Fixpoint potential (R t : tree) : nat :=
  if t is Node l _ r then tmindepth R t + potential R l + potential R r else 0.

Lemma mindepth_le R s j : j \in s -> mindepth R s <= depth j R.
Proof. by move=> js; apply/seqmin_le/map_f. Qed.

Lemma mindepth_attained R s : s != [::] -> exists2 j, j \in s & depth j R = mindepth R s.
Proof.
move=> s0; have /mapP [j js ->] : mindepth R s \in [seq depth j R | j <- s].
  by apply: seqmin_mem; rewrite -size_eq0 size_map size_eq0.
by exists j.
Qed.

Lemma mindepth_sub R s1 s2 : s1 != [::] -> {subset s1 <= s2} -> mindepth R s2 <= mindepth R s1.
Proof.
by move=> /(mindepth_attained R) [j js <-] sub; apply/mindepth_le/sub.
Qed.

Lemma inorder_Node_neq_nil l k r : inorder (Node l k r) != [::].
Proof. by rewrite /=; case: (inorder l). Qed.

Lemma tmindepth_left R l k r : inorder l != [::] -> tmindepth R (Node l k r) <= tmindepth R l.
Proof. by move=> l0; apply: mindepth_sub => // x xl; rewrite /= mem_cat xl. Qed.

Lemma tmindepth_right R l k r : inorder r != [::] -> tmindepth R (Node l k r) <= tmindepth R r.
Proof. by move=> r0; apply: mindepth_sub => // x xr; rewrite /= mem_cat inE xr !orbT. Qed.

Lemma pairwise_cat_rel (T : eqType) (r : rel T) p q x y :
  pairwise r (p ++ q) -> x \in p -> y \in q -> r x y.
Proof. by rewrite pairwise_cat => /and3P [/allrelP rpq _ _]; apply: rpq. Qed.

Definition contiguous (s : seq nat) : Prop :=
  forall j k u, j \in s -> k \in s -> j <= u <= k -> u \in s.

Lemma contiguous_catl p q : pairwise ltn (p ++ q) -> contiguous (p ++ q) -> contiguous p.
Proof.
move=> pq c j k u jp kp ju; have := c j k u; rewrite !mem_cat jp kp => /(_ isT isT ju).
case/orP=> // uq; have := pairwise_cat_rel pq kp uq; lia.
Qed.

Lemma contiguous_catr p q : pairwise ltn (p ++ q) -> contiguous (p ++ q) -> contiguous q.
Proof.
move=> pq c j k u jq kq ju; have := c j k u; rewrite !mem_cat jq kq !orbT => /(_ isT isT ju).
case/orP=> // up; have := pairwise_cat_rel pq up jq; lia.
Qed.

(* Satisfied by the key set of every subtree of a BST on the keys of [R]. *)
Definition key_range (R : tree) (s : seq nat) : Prop :=
  [/\ pairwise ltn s, contiguous s & {subset s <= inorder R}].

Lemma key_range_catl R p q : key_range R (p ++ q) -> key_range R p.
Proof.
case=> pq c sub; split; first by move: pq; rewrite pairwise_cat => /and3P [].
- exact: contiguous_catl c.
- by move=> x xp; apply: sub; rewrite mem_cat xp.
Qed.

Lemma key_range_catr R p q : key_range R (p ++ q) -> key_range R q.
Proof.
case=> pq c sub; split; first by move: pq; rewrite pairwise_cat => /and3P [].
- exact: contiguous_catr c.
- by move=> x xq; apply: sub; rewrite mem_cat xq orbT.
Qed.

Lemma key_range_left R l k r : key_range R (inorder (Node l k r)) -> key_range R (inorder l).
Proof. exact: key_range_catl. Qed.

Lemma key_range_right R l k r : key_range R (inorder (Node l k r)) -> key_range R (inorder r).
Proof. by move/key_range_catr/(@key_range_catr R [:: k]). Qed.

Lemma depth_Node_l a l b r : a < b -> depth a (Node l b r) = (depth a l).+1.
Proof. by move=> ab; rewrite /= ltn_eqF // ab. Qed.

Lemma depth_Node_r a l b r : b < a -> depth a (Node l b r) = (depth a r).+1.
Proof. by move=> ba; rewrite /= gtn_eqF // ltnNge ltnW. Qed.

Lemma pairwise_inorder_Node l b r : pairwise ltn (inorder (Node l b r)) ->
  [/\ {in inorder l, forall j, j < b}, {in inorder r, forall k, b < k},
      pairwise ltn (inorder l) & pairwise ltn (inorder r)].
Proof.
move=> lbr; have /= := lbr; rewrite pairwise_cat pairwise_cons => /and3P [_ -> /andP [/allP br ->]].
by split=> // j jl; apply: pairwise_cat_rel lbr jl (mem_head b _).
Qed.

Lemma mem_inorder_l a l b r : pairwise ltn (inorder (Node l b r)) ->
  a \in inorder (Node l b r) -> a < b -> a \in inorder l.
Proof.
case/pairwise_inorder_Node=> _ br _ _; rewrite /= mem_cat inE => /or3P [// | /eqP -> | ar].
  by rewrite ltnn.
by have := br a ar; lia.
Qed.

Lemma mem_inorder_r a l b r : pairwise ltn (inorder (Node l b r)) ->
  a \in inorder (Node l b r) -> b < a -> a \in inorder r.
Proof.
case/pairwise_inorder_Node=> lb _ _ _; rewrite /= mem_cat inE => /or3P [al | /eqP -> | //].
  by have := lb a al; lia.
by rewrite ltnn.
Qed.

Lemma shallow_key_between R j k : pairwise ltn (inorder R) ->
  j \in inorder R -> k \in inorder R -> j < k ->
  exists2 u, j <= u <= k & depth u R < maxn (depth j R) (depth k R).
Proof.
elim: R j k => [//|l IHl x r IHr] j k sR jR kR jk.
have [_ _ sl sr] := pairwise_inorder_Node sR.
case: (ltnP k x) => [kx | xk].
  have jx : j < x by lia.
  have [u ju uR] := IHl j k sl (mem_inorder_l sR jR jx) (mem_inorder_l sR kR kx) jk.
  by exists u => //; rewrite !depth_Node_l ?maxnSS //; lia.
case: (ltnP x j) => [xj | jx].
  have xk' : x < k by lia.
  have [u ju uR] := IHr j k sr (mem_inorder_r sR jR xj) (mem_inorder_r sR kR xk') jk.
  by exists u => //; rewrite !depth_Node_r ?maxnSS //; lia.
exists x; first lia.
rewrite [depth x _]/= eqxx leq_max; case: (ltnP j x) => [jx' | xj]; first by rewrite depth_Node_l.
by rewrite (depth_Node_r l r (_ : x < k)) ?orbT //; lia.
Qed.

Section Potential.

Variable R : tree.
Hypothesis R_sorted : pairwise ltn (inorder R).

(* [p] and [q] cannot both contain a key of minimal [R]-depth in the range:
   a key between the two would be shallower still. *)
Lemma tmindepth_split t p x q : key_range R (inorder t) -> inorder t = p ++ x :: q ->
  p != [::] -> q != [::] -> 2 * tmindepth R t < mindepth R p + mindepth R q.
Proof.
move=> + tS p0 q0; rewrite /tmindepth tS; set S := p ++ x :: q => -[sS cS SR].
have pS : {subset p <= S} by move=> y yp; rewrite mem_cat yp.
have qS : {subset q <= S} by move=> y yq; rewrite mem_cat inE yq !orbT.
have mp := mindepth_sub R p0 pS; have mq := mindepth_sub R q0 qS.
rewrite ltnNge; apply/negP => le.
have [j jp dj] := mindepth_attained R p0; have [k kq dk] := mindepth_attained R q0.
have jk : j < k by apply: pairwise_cat_rel sS jp (_ : k \in x :: q); rewrite inE kq orbT.
have [u ju du] := shallow_key_between R_sorted (SR _ (pS _ jp)) (SR _ (qS _ kq)) jk.
have := mindepth_le R (cS j k u (pS _ jp) (qS _ kq) ju); lia.
Qed.

(* The term [6 * tmindepth R t] makes the bound telescope over the double
   rotations; at the bottom, [tmindepth] of the subtree rooted at [a] is at most
   [depth a R]. *)
Definition even_splay_bound (a : nat) (t t' : tree) : Prop :=
  inorder t' = inorder t /\
  depth a t + 2 * potential R t + 6 * tmindepth R t <= 6 * depth a R + 2 * potential R t'.

Lemma root_splay_bound l a r : even_splay_bound a (Node l a r) (Node l a r).
Proof.
have : tmindepth R (Node l a r) <= depth a R.
  by apply: mindepth_le; rewrite /= mem_cat mem_head orbT.
split=> //; rewrite [depth a _]/= eqxx; lia.
Qed.

Lemma zigzig_left_bound a ll c lr b r A B : a < c -> a < b ->
  key_range R (inorder (Node (Node ll c lr) b r)) -> a \in inorder ll ->
  even_splay_bound a ll (Node A a B) ->
  even_splay_bound a (Node (Node ll c lr) b r) (Node A a (Node B c (Node lr b r))).
Proof.
move=> ac ab kr al [keys IH].
have keys' : inorder (Node A a (Node B c (Node lr b r))) = inorder (Node (Node ll c lr) b r).
  by rewrite /= -keys /= -!catA.
split=> //; rewrite !depth_Node_l //.
have l0 : inorder ll != [::] by case: (inorder ll) al.
have eAB : tmindepth R (Node A a B) = tmindepth R ll by rewrite /tmindepth keys.
have eo : tmindepth R (Node A a (Node B c (Node lr b r))) = tmindepth R (Node (Node ll c lr) b r).
  by rewrite /tmindepth keys'.
have le_root := tmindepth_left R b r (inorder_Node_neq_nil ll c lr).
have le_child := tmindepth_left R c lr l0.
have le_new_child := tmindepth_right R A a (inorder_Node_neq_nil B c (Node lr b r)).
have le_new_grandchild := tmindepth_right R B c (inorder_Node_neq_nil lr b r).
have sep : 2 * tmindepth R (Node (Node ll c lr) b r) < tmindepth R ll + tmindepth R (Node lr b r).
  by apply: (tmindepth_split kr (x := c)); rewrite ?inorder_Node_neq_nil // /= -catA.
move: IH; rewrite /= eAB; lia.
Qed.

### [YOUR ASSIGNMENT]
Copy each line of the entries that includes the word "keys".

### [EXERCISE OUTPUT]
(* Satisfied by the key set of every subtree of a BST on the keys of [R]. *)
move=> ac ab kr al [keys IH].
have keys' : inorder (Node A a (Node B c (Node lr b r))) = inorder (Node (Node ll c lr) b r).
  by rewrite /= -keys /= -!catA.
have eAB : tmindepth R (Node A a B) = tmindepth R ll by rewrite /tmindepth keys.
  by rewrite /tmindepth keys'.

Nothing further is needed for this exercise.